The new research focused on enzymes targeted by the GAP domain of the protein CYK-4 that is part of a multi-protein complex called centralspindlin. This GAP domain functions as a GTPase activator, targeting protein switches called GTPases, which bind and hydrolyze guanosine triphosphate (GTP) to guanosine diphosphate (GDP). When GTPase is bound to GTP it acts as an on switch; when GTP is hydrolyzed to GDP, the switch is turned off.

The researchers found that deleting a GTPase called Rac could bypass the requirement for the GAP domain in CYK-4, Bowerman said. Because Rac GTPases promote branched microfilament assembly, this suggests that normally the CYK-4 GAP acts to down-regulate the production of branched microfilaments.

Previously CYK-4 had been thought to only down-regulate a different GTPase called RhoA, which promotes linear microfilament assembly.

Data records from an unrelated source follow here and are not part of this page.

(* For every countable ordinal $\lambda<\omega_1$ there is a continuous map $g_\lambda:[0,1]\to[0,1]$ such that the chain components poset $(\mathfrak{C}_{g_\lambda},\preceq)$ is order isomorphic to $(\lambda+1,\ni)$, i.e. to the reverse of the usual order on the ordinal $\lambda+1$.
   Context: For a map $g:[0,1]\to[0,1]$ with the usual metric: an $\varepsilon$-chain from $x$ to $y$ is a finite sequence $x_0=x,\dots,x_n=y$, $n\ge1$, with $|g(x_i)-x_{i+1}|<\varepsilon$; $x\,\mathcal{C}\,y$ iff for every $\varepsilon>0$ there is an $\varepsilon$-chain from $x$ to $y$; $CR_g=\{x:x\,\mathcal{C}\,x\}$; $x\,E\,y$ iff $x\,\mathcal{C}\,y$ and $y\,\mathcal{C}\,x$; $\mathfrak{C}_g=CR_g/E$ is the set of chain components, partially ordered by $[x]\preceq[y]$ iff $y\,\mathcal{C}\,x$. *)

From Stdlib Require Import Reals.
Open Scope R_scope.

Definition I01 (x : R) : Prop := 0 <= x <= 1.

Definition maps_unit (g : R -> R) : Prop := forall x, I01 x -> I01 (g x).

Definition continuous_on_unit (g : R -> R) : Prop :=
  forall x, I01 x -> forall eps, 0 < eps ->
    exists delta, 0 < delta /\
      forall y, I01 y -> Rabs (y - x) < delta -> Rabs (g y - g x) < eps.

Definition eps_chain (g : R -> R) (eps x y : R) : Prop :=
  exists (n : nat) (xs : nat -> R),
    (1 <= n)%nat /\ xs 0%nat = x /\ xs n = y /\
    (forall i, (i <= n)%nat -> I01 (xs i)) /\
    (forall i, (i < n)%nat -> Rabs (g (xs i) - xs (S i)) < eps).

Definition chain_rel (g : R -> R) (x y : R) : Prop :=
  forall eps, 0 < eps -> eps_chain g eps x y.

Definition CR (g : R -> R) (x : R) : Prop := I01 x /\ chain_rel g x x.

Definition chainE (g : R -> R) (x y : R) : Prop := chain_rel g x y /\ chain_rel g y x.

(* Chain component order on CR_g/E: [x] ≼ [y] iff y C x. *)
Definition comp_le (g : R -> R) (x y : R) : Prop := chain_rel g y x.

(* Countable ordinals of the form lambda+1 (lambda < omega_1) are, up to
   isomorphism, exactly the countable (strict) well-orders with a greatest
   element. *)
Definition strict_well_order {T : Type} (lt : T -> T -> Prop) : Prop :=
  (forall a, ~ lt a a) /\
  (forall a b c, lt a b -> lt b c -> lt a c) /\
  (forall a b, lt a b \/ a = b \/ lt b a) /\
  well_founded lt.

Definition countable_type (T : Type) : Prop :=
  exists f : T -> nat, forall a b, f a = f b -> a = b.

Definition has_greatest {T : Type} (lt : T -> T -> Prop) : Prop :=
  exists m : T, forall a, a <> m -> lt a m.

Definition ord_le {T : Type} (lt : T -> T -> Prop) (a b : T) : Prop := lt a b \/ a = b.

(* (CR_g/E, ≼) is order isomorphic to (T, ∋), the reverse of the ordinal order.
   Written out via the quotient map: phi : CR_g -> T is surjective onto T and
   [x] ≼ [y]  <->  phi y <= phi x  (i.e. phi x ∋ phi y or equal).
   Since ord_le is antisymmetric, phi x = phi y <-> x E y, so phi descends to a
   bijection CR_g/E -> T which is an order isomorphism, and conversely any such
   isomorphism composed with the quotient map yields such a phi. *)
Definition components_iso_reverse (g : R -> R) {T : Type} (lt : T -> T -> Prop) : Prop :=
  exists phi : R -> T,
    (forall t : T, exists x, CR g x /\ phi x = t) /\
    (forall x y, CR g x -> CR g y -> (comp_le g x y <-> ord_le lt (phi y) (phi x))).

From Stdlib Require Import Reals Lra Lia Classical ClassicalEpsilon.
Open Scope R_scope.

(* Enumerate the countable well-order by an injection [f] into [nat] and send [t] to the
   total weight [2^-(f s + 1)] of the elements [s] below [t], shifted so that the greatest
   element goes to 1.  This strictly increasing map has a closed range [H] in [0,1], and
   consecutive elements leave a gap outside [H] between their images.  The map
   [g x = x + d(x, H) / 2] is continuous, nondecreasing, above the diagonal, and fixes
   exactly [H].  For such a map chains can only climb: a point [z] with [z < g z] cannot
   be crossed downwards by eps-chains with [eps < (g z - z) / 2], whereas an eps-chain
   climbs from any point to any fixed point above it.  Hence [CR_g = H], every chain
   component is a single point, and [y C x] iff [y <= x], which reverses the order of
   the ordinal. *)

Section NondecreasingAboveDiagonal.

Variable g : R -> R.
Hypothesis g_nondecr : forall x y, I01 x -> I01 y -> x <= y -> g x <= g y.
Hypothesis g_above : forall x, I01 x -> x <= g x.

Lemma eps_chain_stays_above z x y :
  I01 z -> z < g z -> z <= x -> eps_chain g ((g z - z) / 2) x y -> z < y.
Proof.
  intros Iz Hz Hx [n [xs [Hn [H0 [Hny [HI Hs]]]]]].
  assert (step : forall i, (i < n)%nat -> z <= xs i -> z < xs (S i)).
  { intros i Hi Hzi. specialize (Hs i Hi). apply Rabs_def2 in Hs.
    assert (g z <= g (xs i)) by (apply g_nondecr; auto; apply HI; lia). lra. }
  assert (above : forall i, (i <= n)%nat -> z <= xs i).
  { induction i as [|i IH]; intros Hi; [rewrite H0; lra|].
    left. apply step; [lia|]. apply IH. lia. }
  subst y. destruct n as [|n]; [lia|]. apply step; [lia|]. apply above. lia.
Qed.

Lemma CR_fixpoint x : CR g x -> g x = x.
Proof.
  intros [Ix Hxx]. destruct (Rle_lt_or_eq_dec _ _ (g_above x Ix)) as [Hlt|Heq]; [|auto].
  pose proof (eps_chain_stays_above x x x Ix Hlt (Rle_refl x) (Hxx ((g x - x) / 2) ltac:(lra))). lra.
Qed.

Lemma not_chain_rel_down z x y :
  I01 z -> z < g z -> z <= x -> y <= z -> ~ chain_rel g x y.
Proof.
  intros Iz Hz Hx Hy Hxy.
  pose proof (eps_chain_stays_above z x y Iz Hz Hx (Hxy ((g z - z) / 2) ltac:(lra))). lra.
Qed.

Fixpoint climb (x y h : R) (n : nat) : R :=
  match n with O => x | S k => Rmin y (g (climb x y h k) + h) end.

Section Climb.

Variables x y h : R.
Hypotheses (Ix : I01 x) (Iy : I01 y) (Hxy : x <= y) (Hh : 0 <= h).

Lemma climb_between n : x <= climb x y h n <= y.
Proof.
  induction n as [|n IH]; simpl; [lra|].
  assert (Ic : I01 (climb x y h n)) by (unfold I01 in *; lra).
  pose proof (g_above _ Ic). unfold Rmin; destruct (Rle_dec _ _); lra.
Qed.

Lemma climb_progress n : Rmin y (x + INR n * h) <= climb x y h n.
Proof.
  induction n as [|n IH]; simpl climb.
  - simpl INR. unfold Rmin; destruct (Rle_dec _ _); lra.
  - rewrite S_INR, Rmult_plus_distr_r, Rmult_1_l.
    pose proof (climb_between n).
    assert (Ic : I01 (climb x y h n)) by (unfold I01 in *; lra).
    pose proof (g_above _ Ic). set (k := INR n * h) in *.
    revert IH. unfold Rmin; repeat destruct (Rle_dec _ _); lra.
Qed.

End Climb.

Lemma chain_rel_to_fixpoint x y : I01 x -> I01 y -> x <= y -> g y = y -> chain_rel g x y.
Proof.
  intros Ix Iy Hxy Hy eps Heps.
  set (h := eps / 2).
  assert (Hh : 0 < h < eps) by (unfold h; lra).
  assert (Hh0 : 0 <= h) by lra.
  pose proof (climb_between x y h Ix Iy Hxy Hh0) as between.
  destruct (INR_archimed h (y - x)) as [n Hn]; [lra|].
  exists (S n), (climb x y h). split; [lia|]. split; [reflexivity|]. split.
  { apply Rle_antisym; [apply between|].
    eapply Rle_trans; [|apply (climb_progress x y h Ix Iy Hxy Hh0)].
    rewrite S_INR, Rmult_plus_distr_r. unfold Rmin; destruct (Rle_dec _ _); lra. }
  split; [intros i _; pose proof (between i); unfold I01 in *; lra|].
  (* Each jump is either exactly [h], or lands on [y] from [g c <= g y = y]. *)
  intros i _. simpl climb. set (c := climb x y h i).
  assert (Hc : x <= c <= y) by apply between.
  assert (Ic : I01 c) by (unfold I01 in *; lra).
  pose proof (g_above c Ic).
  assert (g c <= y) by (rewrite <- Hy; apply g_nondecr; auto; lra).
  unfold Rmin; destruct (Rle_dec _ _); apply Rabs_def1; lra.
Qed.

Lemma chain_rel_fixpoints_iff x y : I01 x -> I01 y -> g y = y ->
  (y < x -> exists z, y <= z <= x /\ z < g z) -> (chain_rel g x y <-> x <= y).
Proof.
  intros Ix Iy Hy gap. split.
  - intros Hxy. destruct (Rle_or_lt x y) as [Hle|Hlt]; [exact Hle|].
    destruct (gap Hlt) as [z [Hz Hgz]]. exfalso.
    apply (not_chain_rel_down z x y); [unfold I01 in *; lra|tauto..].
  - intros Hxy. apply chain_rel_to_fixpoint; auto.
Qed.

End NondecreasingAboveDiagonal.

Definition range_closed {T : Type} (h : T -> R) : Prop :=
  forall x, (forall t, h t <> x) -> exists d, 0 < d /\ forall t, d <= Rabs (x - h t).

Lemma gap_dist_pos {T : Type} (h : T -> R) a b x :
  a < x < b -> (forall t, h t <= a \/ b <= h t) ->
  exists d, 0 < d /\ forall t, d <= Rabs (x - h t).
Proof.
  intros Hx Hout. exists (Rmin (x - a) (b - x)). split; [apply Rmin_glb_lt; lra|].
  intros t. pose proof (Rmin_l (x - a) (b - x)).
  pose proof (Rmin_r (x - a) (b - x)). pose proof (Rle_abs (x - h t)).
  pose proof (Rabs_minus_sym x (h t)). pose proof (Rle_abs (h t - x)).
  destruct (Hout t); lra.
Qed.

Section DistanceToRange.

Variables (T : Type) (h : T -> R) (t0 : T).

Definition neg_dist_set x (r : R) : Prop := exists t, r = - Rabs (x - h t).

Lemma neg_dist_set_bound x : bound (neg_dist_set x).
Proof. exists 0. intros r [t ->]. pose proof (Rabs_pos (x - h t)). lra. Qed.

Lemma neg_dist_set_inhabited x : exists r, neg_dist_set x r.
Proof. exists (- Rabs (x - h t0)), t0. reflexivity. Qed.

(* The infimum of the [|x - h t|]; [t0] only witnesses that the range is nonempty. *)
Definition dist_to_range x : R :=
  - proj1_sig (completeness _ (neg_dist_set_bound x) (neg_dist_set_inhabited x)).

Lemma dist_to_range_lub x : is_lub (neg_dist_set x) (- dist_to_range x).
Proof.
  unfold dist_to_range. destruct (completeness _ _ _). simpl. rewrite Ropp_involutive. exact i.
Qed.

Lemma dist_to_range_le x t : dist_to_range x <= Rabs (x - h t).
Proof.
  pose proof (proj1 (dist_to_range_lub x) _ (ex_intro _ t eq_refl)). lra.
Qed.

Lemma dist_to_range_glb x d : (forall t, d <= Rabs (x - h t)) -> d <= dist_to_range x.
Proof.
  intros Hd. enough (- dist_to_range x <= - d) by lra.
  apply (proj2 (dist_to_range_lub x)). intros r [t ->]. specialize (Hd t). lra.
Qed.

Lemma dist_to_range_nonneg x : 0 <= dist_to_range x.
Proof. apply dist_to_range_glb. intros t. apply Rabs_pos. Qed.

Lemma dist_to_range_lipschitz x y : dist_to_range x - Rabs (x - y) <= dist_to_range y.
Proof.
  apply dist_to_range_glb. intros t. pose proof (dist_to_range_le x t).
  pose proof (Rabs_triang (x - y) (y - h t)).
  replace (x - y + (y - h t)) with (x - h t) in * by ring. lra.
Qed.

Lemma dist_to_range_image t : dist_to_range (h t) = 0.
Proof.
  pose proof (dist_to_range_le (h t) t). pose proof (dist_to_range_nonneg (h t)).
  rewrite Rminus_diag, Rabs_R0 in *. lra.
Qed.

Definition drift x : R := x + dist_to_range x / 2.

Lemma drift_nondecr x y : x <= y -> drift x <= drift y.
Proof.
  intros Hxy. unfold drift. pose proof (dist_to_range_lipschitz x y).
  rewrite Rabs_minus_sym, Rabs_right in * by lra. lra.
Qed.

Lemma drift_above x : x <= drift x.
Proof. unfold drift. pose proof (dist_to_range_nonneg x). lra. Qed.

Lemma drift_maps_unit t1 : h t1 = 1 -> maps_unit drift.
Proof.
  intros H1 x [Hx0 Hx1]. unfold drift.
  pose proof (dist_to_range_nonneg x). pose proof (dist_to_range_le x t1).
  rewrite H1, Rabs_left1 in * by lra. split; lra.
Qed.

Thus these new results implicate the down-regulation of branched microfilaments at the cell cortex as a critical step in cell division.

"We have found a completely new way of thinking about how cells remodel their internal skeletons such that they undergo the shape changes needed to divide and produce daughter cells," Bowerman said. "Some of these proteins already are targets of some cancer drugs. Now we have the opportunity to study and understand how certain proteins stabilize microfilaments within cells and inhibit cell division, and how other proteins act to modulate the stiffness of a cell's membrane to allow them to undergo shape changes needed for cell division and proliferation."